September 30th, 2008 | nubae
OCROpus - next gen. OCR for Linux
I was recently asked to scan in a small book, with relatively small text for addition to a database that could then be looked up by typing key words. The first step is to scan and OCR the entire book. Fortunately I've got all the necessary software to do scanning (sane and xsane) and my scanner was automatically recognised by Ubuntu.
The hard part was finding a suitable OCR software for Linux. In the past finding such a beast was a sad state of affairs in the Linux world indeed. With revived interest though, last year saw a few Google summer of code projects being released including tesseract and ocropus. Since they are very recent additions, the software is not exactly mature, but its the best there is, boasting a 95% accuracy.
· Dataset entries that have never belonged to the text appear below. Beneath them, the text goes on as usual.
(* For a conditionally stationary process over a finite alphabet, let $\mathcal{S}$ be its causal states and $\mathcal{R}$ the effective states of any partition $\eta$ of histories that is both deterministic and weakly prescient. Then $H[\mathcal{S}] \le H[\mathcal{R}]$; that is, the causal states have minimal statistical complexity among all deterministic, weakly prescient sets of states.
   Context: A discrete-time process $\ldots S_{-1}S_0S_1\ldots$ takes values in a finite alphabet $\mathcal{A}$; $\overleftarrow{S}$ is the semi-infinite past, $\overrightarrow{S}$ the future, $\overrightarrow{S}^L$ its first $L$ symbols. The process is conditionally stationary ($\Pr(\overrightarrow{S}_t\in A\mid\overleftarrow{S}_t=\overleftarrow{s})$ independent of $t$). A partition $\eta$ of histories (effective states, random variable $R=\eta(\overleftarrow{S})$) is prescient if $\Pr(\overrightarrow{S}^L=w\mid R=\eta(\overleftarrow{s}))=\Pr(\overrightarrow{S}^L=w\mid\overleftarrow{S}=\overleftarrow{s})$ for all $L\ge1$, all $w$, a.e. history; weakly prescient if this holds for $L=1$; deterministic if $\eta(\overleftarrow{s}_1)=\eta(\overleftarrow{s}_2)$ implies $\eta(\overleftarrow{s}_1a)=\eta(\overleftarrow{s}_2a)$ for every symbol $a$. The causal states are the cells of the partition in which two histories are equivalent iff they induce the same conditional distribution over all measurable future events; $\mathcal{S}=\epsilon(\overleftarrow{S})$ denotes the causal-state random variable. Statistical complexity of a set of states is the Shannon entropy of the state random variable. *)

From HB Require Import structures.
From mathcomp Require Import all_boot all_order all_algebra.
From mathcomp Require Import all_classical all_reals all_analysis.
Set Implicit Arguments. Unset Strict Implicit. Unset Printing Implicit Defensive.
Import Order.TTheory GRing.Theory Num.Theory.
Local Open Scope classical_set_scope.
Local Open Scope ring_scope.

(* A history h : seqspace A is read backwards: h 0 is the most recent       *)
(* symbol, h 1 the one before, ...  A future f : seqspace A is read         *)
(* forwards: f 0 is the next symbol, f 1 the one after, ...                 *)
Definition cylinders (A : Type) : set (set (nat -> A)) :=
  [set C | exists (i : nat) (a : A), C = [set h | h i = a]].

Definition seqspace (A : pointedType) := g_sigma_algebraType (@cylinders A).

Definition extend (A : pointedType) (h : seqspace A) (a : A) : seqspace A :=
  fun k => if k is k'.+1 then h k' else a.

Section process.
Context {R : realType} {d : measure_display} {T : measurableType d}
  {A : pointedType}.

Definition past (X : int -> T -> A) (t : int) (w : T) : seqspace A :=
  fun k => X (t - (k.+1)%:Z) w.

Definition future (X : int -> T -> A) (t : int) (w : T) : seqspace A :=
  fun k => X (t + k%:Z) w.

Definition is_process (X : int -> T -> A) : Prop :=
  forall (t : int) (a : A), measurable (X t @^-1` [set a]).
Lemma centrosymmetricP s : centrosymmetric s ->
  forall x : 'I_n, s (rev_ord x) = n - (s x).+1 :> nat.
Proof. by move=> /forallP cs x; rewrite (eqP (cs x)). Qed.

Lemma avoids312_centrosymmetric s : avoids231 s -> centrosymmetric s ->
  forall i j k : 'I_n, i < j -> j < k -> s j < s k -> s k < s i -> False.
Proof.
move=> /avoids231P av /centrosymmetricP cs i j k ij jk jk' ki.
apply: (av (rev_ord k) (rev_ord j) (rev_ord i)); rewrite /= ?cs;
  have := ltn_ord i; have := ltn_ord k; have := ltn_ord (s i); have := ltn_ord (s k); lia.
Qed.

Lemma centrosymmetric_layered s : avoids231 s -> centrosymmetric s ->
  s = layered (is_cut0 s) (@is_cut_ge _ s).
Proof.
move=> av cs; apply: avoider_eq_layered => //; first exact: avoids231P.
exact: avoids312_centrosymmetric.
Qed.

Lemma shallow_avoids231_centrosymmetric s :
  avoids231 s -> centrosymmetric s -> shallow s.
Proof. by move=> av cs; rewrite (centrosymmetric_layered av cs); apply: layered_shallow. Qed.

Lemma is_cut_complement s c : centrosymmetric s -> c <= n -> is_cut s (n - c) = is_cut s c.
Proof.
move=> /centrosymmetricP cs cn.
suff cut_sym d : d <= n -> is_cut s d -> is_cut s (n - d).
  by apply/idP/idP => [/cut_sym|/cut_sym]; rewrite ?subKn ?leq_subr //; apply.
move=> dn /is_cutP cut_d; apply/forallP => x; apply/eqP.
have := cut_d (rev_ord x); rewrite cs /=.
by have := ltn_ord x; have := ltn_ord (s x); lia.
Qed.

Definition half_cuts s : {ffun 'I_n./2 -> bool} := [ffun t : 'I_n./2 => is_cut s t.+1].

Lemma half_cuts_inj s1 s2 : avoids231 s1 -> centrosymmetric s1 ->
  avoids231 s2 -> centrosymmetric s2 -> half_cuts s1 = half_cuts s2 -> s1 = s2.
Proof.
move=> av1 cs1 av2 cs2 eq_half.
have low_cuts c : 0 < c <= n./2 -> is_cut s1 c = is_cut s2 c.
  move=> /andP[c0 ch]; have t_lt : c.-1 < n./2 by lia.
  by move/ffunP/(_ (Ordinal t_lt)): eq_half; rewrite !ffunE /= prednK.
have same_cuts c : is_cut s1 c = is_cut s2 c.
  case: (posnP c) => [->|c0]; first by rewrite !is_cut0.
  case: (leqP n c) => [nc|cn]; first by rewrite !is_cut_ge.
  case: (leqP c n./2) => ch; first by apply: low_cuts; rewrite c0.
  rewrite -(is_cut_complement cs1 (ltnW cn)) -(is_cut_complement cs2 (ltnW cn)).
  by apply: low_cuts; have := odd_double_half n; lia.
rewrite (centrosymmetric_layered av1 cs1); apply/esym/avoider_eq_layered => //.
- exact: avoids231P.
- exact: avoids312_centrosymmetric.
Qed.

Section Palindromic.
Variable v : {ffun 'I_n./2 -> bool}.

(* For 0 < c < n, c and n - c are cuts exactly when v says so at min(c, n - c) - 1. *)
Definition palindromic_cut c :=
  [|| c == 0, n <= c | nth false (fgraph v) (minn c (n - c)).-1].

Lemma palindromic_cut0 : palindromic_cut 0.
Proof. by []. Qed.

Lemma palindromic_cut_ge c : n <= c -> palindromic_cut c.
Proof. by rewrite /palindromic_cut => ->; rewrite orbT. Qed.

Lemma palindromic_cut_complement c : c <= n -> palindromic_cut (n - c) = palindromic_cut c.
Proof.
by move=> cn; rewrite /palindromic_cut subKn // minnC !orbA; congr (_ || _); lia.
Qed.

Definition palindromic_layered : 'S_n := layered palindromic_cut0 palindromic_cut_ge.

Lemma half_cuts_palindromic_layered : half_cuts palindromic_layered = v.
Proof.
apply/ffunP => t; rewrite ffunE is_cut_layered /palindromic_cut.
have := ltn_ord t; have := odd_double_half n => nE tn.
have -> : n <= t.+1 = false by lia.
have -> : (minn t.+1 (n - t.+1)).-1 = t by lia.
exact: nth_fgraph_ord.
Qed.

End Palindromic.

Lemma card_avoids231_centrosymmetric :
  #|[set s : 'S_n | avoids231 s && centrosymmetric s]| = 2 ^ n./2.
Proof.
rewrite -(card_in_imset (f := half_cuts)); last first.
  by move=> s1 s2; rewrite !inE => /andP[av1 cs1] /andP[av2 cs2]; apply: half_cuts_inj.
have -> : half_cuts @: [set s : 'S_n | avoids231 s && centrosymmetric s] = setT.
  apply/setP => v; rewrite inE; apply/imsetP; exists (palindromic_layered v).
    rewrite inE layered_avoids231 layered_centrosymmetric //.
    exact: palindromic_cut_complement.
  by rewrite half_cuts_palindromic_layered.
by rewrite cardsT card_ffun card_bool card_ord.
Qed.

End Centrosymmetric.

Theorem theorem4p7 (n : nat) (hn : 1 <= n) :
  #|[set s : 'S_n | shallow s && avoids231 s && centrosymmetric s]| = 2 ^ n./2
  /\ (forall s : 'S_n, avoids231 s -> centrosymmetric s -> shallow s).
Proof.
split; last exact: shallow_avoids231_centrosymmetric.
rewrite -card_avoids231_centrosymmetric; apply: eq_card => s; rewrite !inE -andbA.
by apply/andP/idP => [[_ //]|/andP[av cs]]; rewrite shallow_avoids231_centrosymmetric ?av.
Qed.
I installed Ocropus and Tesseract from subversion, since it makes sense to check out the latest release. Though there are some recent releases in the Ubuntu repositories, I couldn't get OCROpus to recognise the needed extras. So the instructions I used are as follows:
svn checkout http://tesseract-ocr.googlecode.com/svn/trunk/ tesseract-ocr-read-only svn checkout http://iulib.googlecode.com/svn/trunk/ iulib-read-only svn checkout http://ocropus.googlecode.com/svn/trunk/ ocropus-read-only
Tesseract source has a bug that doesn't allow it to compile with gcc 4.3 (Intrepid Ibex comes with this default) so you need to install this patch by downloading to the directory where tesseract-ocr-read-only is located, and running:
patch -p1 tesseract+gcc-4.3.diff
Then u can do
To install iulib, go into its directory and do:
./configure && make && sudo make install
The documentation session also use OpenFST which you can download here. There is a problem however, with building using the latest Ubuntu, so I chose not to use it.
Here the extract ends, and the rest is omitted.